(* Fix $K>0$ and $z\in\mathbb{C}$, and assume $b_n\ge m\ge m_0$ for a sufficiently large constant $m_0$. For all sufficiently large $n$ (depending on $K$) the following holds on the event $\mathcal{E}_K$: for every unit vector $v\in\mathbb{C}^n$ with $\|X_z v\|\le b_n^{-10m}m^{-1/2}$, and for every $i\in[m-1]$, either $\|v_{[i]}\|\ge b_n^{-10m}m^{-1/2}$ or $\|v_{[i+1]}\|\ge b_n^{-10m}m^{-1/2}$.
   Context: Let $b_n$ divide $n$, $m=n/b_n$, $c_n=3b_n$. Let $\tilde D_i,\tilde U_i,\tilde T_i$ ($i\in[m]$) be $b_n\times b_n$ matrices, $D_i=\tilde D_i/\sqrt{c_n}$, $U_i=\tilde U_i/\sqrt{c_n}$, $T_i=\tilde T_i/\sqrt{c_n}$, $(D_i)_z=D_i-zI_{b_n}$. Let $X$ be the $n\times n$ block matrix ($m\times m$ blocks of size $b_n$, block indices modulo $m$) with $(i,i)$ block $D_i$, $(i,i-1)$ block $T_{i-1}$, $(i,i+1)$ block $U_{i+1}$, other blocks zero, and $X_z=X-zI$. $\mathcal{E}_K$ is the event that for all $i\in[m]$: $\|U_i\|,\|(D_i)_z\|,\|T_i\|\le K$ and the smallest singular values satisfy $s_{b_n}(U_i),s_{b_n}(T_i)\ge b_n^{-5}$. For $v\in\mathbb{C}^n$, $v_{[1]},\dots,v_{[m]}\in\mathbb{C}^{b_n}$ are the consecutive blocks of $b_n$ coordinates of $v$. *)

From HB Require Import structures.
From mathcomp Require Import all_boot all_order all_algebra.
From mathcomp Require Import classical_sets reals.
From mathcomp Require Import complex.
Set Implicit Arguments. Unset Strict Implicit. Unset Printing Implicit Defensive.
Import Order.TTheory GRing.Theory Num.Theory.
Local Open Scope ring_scope.
Local Open Scope classical_set_scope.
(* For all integers $d\ge 3$ and $0\le j\le \left\lfloor \frac{3(d-1)}{2}\right\rfloor$, $$\operatorname{sign}(d,j)=\operatorname{triv}(d-2,j-3).$$
   Context: $\Bbbk$ is an algebraically closed field of characteristic $0$. For an integer $d\ge 1$, $A(d)=\Bbbk[x_1,x_2,x_3]/(x_1^d,x_2^d,x_3^d)=\bigoplus_j A(d)_j$ with its standard grading, where $A(d)_j=0$ for $j<0$ (so $A(1)=\Bbbk$ in degree $0$). $S_3$ acts on $A(d)$ by permuting variables. The linear map $E:A(d)_{j+1}\to A(d)_j$ is defined on the monomial basis by $E(x_1^{a_1}x_2^{a_2}x_3^{a_3})=\sum_{k=1}^{3} a_k(d-a_k)\,x_1^{a_1}\cdots x_k^{a_k-1}\cdots x_3^{a_3}$; it commutes with the $S_3$-action. $\operatorname{triv}(d,j)$ and $\operatorname{sign}(d,j)$ denote the multiplicities of the trivial and sign representations of $S_3$ in $\operatorname{Ker}(E)\cap A(d)_j$ (zero when $j<0$). *)

From HB Require Import structures.
From mathcomp Require Import all_boot all_order all_algebra all_fingroup.
Set Implicit Arguments. Unset Strict Implicit. Unset Printing Implicit Defensive.
Import GRing.Theory Num.Theory.
Local Open Scope ring_scope.

(* Monomials x1^a1 x2^a2 x3^a3 of A(d) = k[x1,x2,x3]/(x1^d,x2^d,x3^d):
   exponent vectors a : 'I_3 -> 'I_d (i.e. 0 <= a_k < d).  These form a
   basis of A(d); A(d) is modelled as row vectors of length #|Mon d|,
   coordinates indexed via enum_val. *)
Definition Mon (d : nat) := {ffun 'I_3 -> 'I_d}.
Definition N (d : nat) : nat := #|{ffun 'I_3 -> 'I_d}|.
Definition mon (d : nat) (i : 'I_(N d)) : Mon d := enum_val i.
Definition deg (d : nat) (m : Mon d) : nat := (\sum_(k < 3) (m k : nat))%N.

(* S_3 acts by permuting variables: s . x_t = x_(s t), so the exponent of
   x_u in s . m is the exponent of x_(s^-1 u) in m. *)
Definition act (d : nat) (m : Mon d) (s : 'S_3) : Mon d := [ffun u => m ((s^-1)%g u)].

Section Mats.
Variable F : fieldType.

(* Matrix of E (row-vector convention: v *m Emx = E v).
   E(x^a) = sum_k a_k (d - a_k) x^(a - e_k). *)
Definition Emx (d : nat) : 'M[F]_(N d) :=
  \matrix_(i, l) \sum_(k < 3)
     (if (0 < (mon i k : nat))%N &&
         [forall t : 'I_3, (mon l t : nat) ==
                            (if t == k then (mon i t).-1 else mon i t)]
      then (((mon i k : nat) * (d - mon i k))%N)%:R else 0).

Definition Pmx (d : nat) (s : 'S_3) : 'M[F]_(N d) :=
  \matrix_(i, l) ((mon l == act (mon i) s) : nat)%:R.

(* Projection-like diagonal matrix whose row space is A(d)_j
   (zero when j < 0). *)
Definition Dmx (d : nat) (j : int) : 'M[F]_(N d) :=
  diag_mx (\row_i (((deg (mon i))%:Z == j) : nat)%:R).

Definition KerEj (d : nat) (j : int) : 'M[F]_(N d) :=
  (Dmx d j :&: kermx (Emx d))%MS.

Definition isotypic (d : nat) (chi : 'S_3 -> F) : 'M[F]_(N d) :=
  (\bigcap_(s : 'S_3) kermx (Pmx d s - (chi s)%:M))%MS.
- - -
> WHAT IS EXPECTED
Would you output, from the records above, exactly the run of lines that starts at the line containing "From mathcomp Require Import all_boot all_order all_algebra." and ends at the line containing "Import Order.TTheory GRing.Theory Num.Theory.", and only that run?

> SOLVED PROBLEM
From mathcomp Require Import all_boot all_order all_algebra.
From mathcomp Require Import classical_sets reals.
From mathcomp Require Import complex.
Set Implicit Arguments. Unset Strict Implicit. Unset Printing Implicit Defensive.
Import Order.TTheory GRing.Theory Num.Theory.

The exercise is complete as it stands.